Что изменилось в пермских школах после того, как семь лет назад приняли закон о запрете пропаганды нетрадиционных отношений
1 марта 2021
Елена Григорьевна (иллюстрации)

 30-летний Дмитрий начал преподавать литературу в одной из школ Мотовилихинского района в середине прошлого года. В первый рабочий день к нему подошла соцпедагог и рассказала, что в седьмом «Б», где он взял классное руководство, учится мальчик, у которого «женское начало в мужском теле».

Когда Дмитрий впервые услышал от соцпедагога про Павлика, то очень удивился и спросил, откуда такое определение, на что Ольга Васильевна сообщила ему, что мальчику поставили диагноз в психиатрической клинике.

— И что, это болезнь? — поинтересовался учитель.

— Ну да, это отклонение от нормы, — ответила она.

Дмитрий говорит, что Ольга Васильевна считает, что «такие дети очень неудобные, и их надо выдавить из школы». Она рекомендовала ему по любому поводу писать на Пашу докладные и, если тот будет плохо учиться, «не натягивать на тройки, а ставить неуд».

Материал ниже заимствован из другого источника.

(* Let $\rho=(V,B_1,B_2,B_3,I,J)$ be a framed representation, and let $\alpha=(V,B_1,B_2,I,J)$ be its underlying ADHM representation. Then $\rho$ is cyclic if and only if $\alpha$ is cyclic (stable). Here: - $\rho$ is cyclic if there is no proper nonzero subspace $V'\subset V$ preserved by $B_1,B_2,B_3$ and containing $\mathrm{Im}\,I$; - $\alpha$ is cyclic if there is no proper nonzero subspace $V'\subset V$ preserved by $B_1,B_2$ and containing $\mathrm{Im}\,I$.
   Context: A framed representation consists of: - a finite-dimensional complex vector space $V$; - the fixed space $V_\infty=\mathbb{C}^r$ with basis $e_1,\dots,e_r$, and the fixed map $A_r\in\mathrm{End}(V_\infty)$ with $A_re_a=e_{a+1}$, $e_{r+1}=0$; - linear maps $B_1,B_2,B_3\in\mathrm{End}(V)$, $I:V_\infty\to V$, $J:V\to V_\infty$. These satisfy $$[B_1,B_2]+IJ=0,\quad JB_3-A_rJ=0,\quad B_3I-IA_r=0,\quad [B_3,B_1]=0,\quad [B_3,B_2]=0.$$ *)

From HB Require Import structures.
From mathcomp Require Import all_boot all_order all_algebra.
From mathcomp Require Import complex.
From mathcomp Require Import reals.
Set Implicit Arguments. Unset Strict Implicit. Unset Printing Implicit Defensive.
Import Order.TTheory GRing.Theory Num.Theory.
Local Open Scope ring_scope.

(* The fixed framing space V_infty = C^r, realised as row vectors 'rV[F]_r,
   with standard basis e_a = delta_mx 0 a. *)

(* shift matrix acting on row vectors by right multiplication:
   e_i *m shift_mx = e_(i+1), and e_(r-1) *m shift_mx = 0. *)
Definition shift_mx (F : fieldType) (r : nat) : 'M[F]_r :=
  \matrix_(i < r, j < r) ((nat_of_ord j == (nat_of_ord i).+1)%:R).

Definition A_r (F : fieldType) (r : nat) : 'End('rV[F]_r) :=
  linfun (fun v : 'rV[F]_r => v *m shift_mx F r).

Definition framed_rep (F : fieldType) (V : vectType F) (r : nat)
    (B1 B2 B3 : 'End(V)) (I : 'Hom('rV[F]_r, V)) (J : 'Hom(V, 'rV[F]_r)) : Prop :=
  [/\ ((B1 \o B2)%VF - (B2 \o B1)%VF + (I \o J)%VF) = 0,
      ((J \o B3)%VF - (A_r F r \o J)%VF) = 0,
      ((B3 \o I)%VF - (I \o A_r F r)%VF) = 0,
      ((B3 \o B1)%VF - (B1 \o B3)%VF) = 0
    & ((B3 \o B2)%VF - (B2 \o B3)%VF) = 0].

Definition preserves (F : fieldType) (V : vectType F) (f : 'End(V)) (U : {vspace V}) : Prop :=
  (f @: U <= U)%VS.

Definition framed_cyclic (F : fieldType) (V : vectType F) (r : nat)
    (B1 B2 B3 : 'End(V)) (I : 'Hom('rV[F]_r, V)) : Prop :=
  ~ exists U : {vspace V},
      [/\ U != 0%VS, U != fullv,
          [/\ preserves B1 U, preserves B2 U & preserves B3 U]
        & (limg I <= U)%VS].

Definition adhm_cyclic (F : fieldType) (V : vectType F) (r : nat)
    (B1 B2 : 'End(V)) (I : 'Hom('rV[F]_r, V)) : Prop :=
  ~ exists U : {vspace V},
      [/\ U != 0%VS, U != fullv, preserves B1 U, preserves B2 U
        & (limg I <= U)%VS].

From HB Require Import structures.
From mathcomp Require Import all_boot all_order all_algebra.
From mathcomp Require Import complex.
From mathcomp Require Import reals.
Set Implicit Arguments. Unset Strict Implicit. Unset Printing Implicit Defensive.
Import Order.TTheory GRing.Theory Num.Theory.
Local Open Scope ring_scope.

(* Only the relations involving B3 matter.  A (B1, B2)-invariant subspace U
   containing Im I is shrunk to its B3-core, the largest B3-invariant subspace
   of U: it is still (B1, B2)-invariant because B1 and B2 commute with B3, and
   it still contains Im I because B3 I = I A_r makes Im I B3-invariant.  The
   core is nonzero when Im I is; when Im I = 0 one uses an eigenspace of B3
   instead, unless B3 is a scalar, in which case U itself is B3-invariant. *)

Section InvariantSubspaces.
Variables (K : fieldType) (V : vectType K).
Implicit Types (f g : 'End(V)) (U L : {vspace V}).

Lemma preservesP f U : preserves f U <-> {in U, forall x, f x \in U}.
Proof.
split=> [fU x xU | fU]; first exact: (subvP fU) (memv_img f xU).
by apply/subvP => _ /memv_imgP [x xU ->]; apply: fU.
Qed.

Lemma comp_lfun_commE f g : (f \o g)%VF - (g \o f)%VF = 0 -> forall x, f (g x) = g (f x).
Proof. by move/eqP; rewrite subr_eq0 => /eqP fg x; rewrite -!comp_lfunE fg. Qed.

Lemma preserves_limg_intertwined (W : vectType K) (A : 'End(W)) (I : 'Hom(W, V)) f :
  (f \o I)%VF - (I \o A)%VF = 0 -> preserves f (limg I).
Proof.
move/eqP; rewrite subr_eq0 => /eqP fI.
by rewrite /preserves -limg_comp fI limg_comp limgS ?subvf.
Qed.

Lemma vspace_chain_stabilizes (W : nat -> {vspace V}) :
  (forall n, (W n.+1 <= W n)%VS) -> exists n, W n.+1 = W n.
Proof.
move=> decrW; have [d] := ubnP (\dim (W 0%N)); elim: d 0%N => // d IHd n dimWn.
have [|neW] := eqVneq (W n.+1) (W n); first by exists n.
have ltW : (\dim (W n.+1) < \dim (W n))%N.
  by rewrite (ltn_leqif (dimv_leqif_eq (decrW n))) neW.
exact: IHd (leq_trans ltW dimWn).
Qed.

Section CoreChain.
Variables (f : 'End(V)) (U : {vspace V}).

(* [core_chain n] consists of the x such that f^k x lies in U for all k <= n. *)
Fixpoint core_chain n : {vspace V} :=
  if n is n.+1 then (core_chain n :&: f @^-1: core_chain n)%VS else U.

Lemma core_chain_decr n : (core_chain n.+1 <= core_chain n)%VS.
Proof. exact: capvSl. Qed.

Lemma core_chain_sub n : (core_chain n <= U)%VS.
Proof. by elim: n => //= n; apply: subv_trans (capvSl _ _). Qed.

Lemma sub_core_chain L n :
  preserves f L -> (L <= U)%VS -> (L <= core_chain n)%VS.
Proof.
move=> /preservesP fL LU; elim: n => //= n IHn.
apply/subvP => x xL; rewrite memv_cap -memv_preim.
by rewrite !(subvP IHn) ?fL.
Qed.

Lemma preserves_core_chain g n :
  (f \o g)%VF - (g \o f)%VF = 0 -> preserves g U -> preserves g (core_chain n).
Proof.
move=> fg gU; elim: n => //= n /preservesP gW.
apply/preservesP => x; rewrite !memv_cap -!memv_preim => /andP [xW fxW].
by rewrite gW // comp_lfun_commE // gW.
Qed.

Lemma core_chain_stable n :
  core_chain n.+1 = core_chain n -> preserves f (core_chain n).
Proof.
move=> eqW; apply/preservesP => x.
by rewrite -{1}eqW memv_cap memv_preim => /andP [].
Qed.

End CoreChain.

Lemma exists_invariant_core f U :
  exists2 W : {vspace V}, (W <= U)%VS &
    [/\ preserves f W,
        forall L, preserves f L -> (L <= U)%VS -> (L <= W)%VS
      & forall g, (f \o g)%VF - (g \o f)%VF = 0 -> preserves g U -> preserves g W].
Proof.
have [n eqW] := vspace_chain_stabilizes (core_chain_decr f U).
exists (core_chain f U n); first exact: core_chain_sub.
split=> [|L|g]; [exact: core_chain_stable | exact: sub_core_chain |].
exact: preserves_core_chain.
Qed.

Lemma memv_leigenspace f a x : (x \in passmx.leigenspace f a) = (f x == a *: x).
Proof. by rewrite memv_ker !lfun_simp subr_eq0. Qed.

Lemma preserves_leigenspace f g a :
  (f \o g)%VF - (g \o f)%VF = 0 -> preserves g (passmx.leigenspace f a).
Proof.
move=> fg; apply/preservesP => x; rewrite !memv_leigenspace => /eqP fx.
by rewrite comp_lfun_commE // fx linearZ.
Qed.

Lemma full_leigenspace_preserves f a U :
  passmx.leigenspace f a = fullv -> preserves f U.
Proof.
move=> Ef; apply/preservesP => x xU.
have : x \in passmx.leigenspace f a by rewrite Ef memvf.
by rewrite memv_leigenspace => /eqP ->; rewrite memvZ.
Qed.

End InvariantSubspaces.

Lemma exists_leigenvalue (K : closedFieldType) (V : vectType K) (f : 'End(V)) :
  (0 < \dim {:V})%N -> exists a, passmx.leigenvalue f a.
Proof.
move=> dimV_gt0; set M := passmx.mxof (vbasis fullv) (vbasis fullv) f.
have [a Ma] : exists a, root (char_poly M) a.
  by apply/closed_rootP; rewrite size_char_poly eqSS -lt0n.
exists a; rewrite /passmx.leigenvalue (passmx.leigenspaceE (vbasisP fullv)).
rewrite passmx.vsof_eq0 ?vbasisP //.
by have := eigenvalue_root_char M a; rewrite Ma.
Qed.

Theorem lemma3p2 (R : realType) (V : vectType R[i]) (r : nat)
    (B1 B2 B3 : 'End(V)) (I : 'Hom('rV[R[i]]_r, V)) (J : 'Hom(V, 'rV[R[i]]_r)) :
  framed_rep B1 B2 B3 I J ->
  (framed_cyclic B1 B2 B3 I <-> adhm_cyclic B1 B2 I).
Proof.
case=> _ _ B3I B3B1 B3B2; split=> [framedC [U [U0 Uf B1U B2U IU]] |]; last first.
  by move=> adhmC [U [U0 Uf [B1U B2U _] IU]]; apply: adhmC; exists U.
apply: framedC; have [ImI0 | ImI_neq0] := eqVneq (limg I) 0%VS.
  have dimV_gt0 : (0 < \dim {:V})%N.
    by apply: leq_trans (dimvS (subvf U)); rewrite lt0n dimv_eq0.
  have [a Ea] := exists_leigenvalue B3 dimV_gt0.
  have [Efull | Eproper] := eqVneq (passmx.leigenspace B3 a) fullv.
    by exists U; split=> //; split=> //; apply: full_leigenspace_preserves Efull.
  exists (passmx.leigenspace B3 a); rewrite ImI0 sub0v; split=> //.
  by split; apply: preserves_leigenspace; rewrite ?subrr.
have [W WU [B3W coreW commW]] := exists_invariant_core B3 U.
have ImIW := coreW _ (preserves_limg_intertwined B3I) IU.
exists W; split; last exact: ImIW.
- by apply: contraNneq ImI_neq0 => W0; rewrite -subv0 -W0.
- by apply: contraNneq Uf => Wf; rewrite eqEsubv subvf -Wf.
- by split=> //; apply: commW.
Qed.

Закон о запрете пропаганды нетрадиционных отношений среди несовершеннолетних появился в России в 2013 году. За семь лет, что действует закон, решения о привлечении к ответственности по нему были вынесены около 15 раз, в подавляющем большинстве — по политическим мотивам.
Интернет-журнал «Звезда» выяснил, как «мёртвый» с юридической стороны закон на деле привёл к самоцензуре и страху учителей перед всем, что касается ЛГБТ, сплетням и доносам на школьников, а в некоторых случаях  —  дискриминации ЛГБТ-детей, травле и открытой агрессии со стороны педсостава.

Имена преподавателей изменены, потому что никто из них не согласился говорить открыто из-за страха потерять работу или навредить своим ученикам. Имена детей изменены в соответствии с законом «О защите детей от информации, причиняющей вред их здоровью и развитию».

Моей главной задачей при создании иллюстраций было сделать их максимально похожими на детский рисунок. Когда я ознакомилась со статьей, в моей голове мгновенно возник образ радуги.

Соцпедагог считает, что такие дети принесут оружие и расстреляют половину школы

Павлик красит волосы в розовый цвет и приходит на уроки с лёгким макияжем: может нанести немного блёсток на брови или губы. В школе к этому относятся спокойно и краситься не запрещают.
— У него своеобразное поведение: активная жестикуляция, чувствительность, высокий голос. Кто-то назвал бы это жеманностью, я называю это эмоциональностью, — говорит Дмитрий.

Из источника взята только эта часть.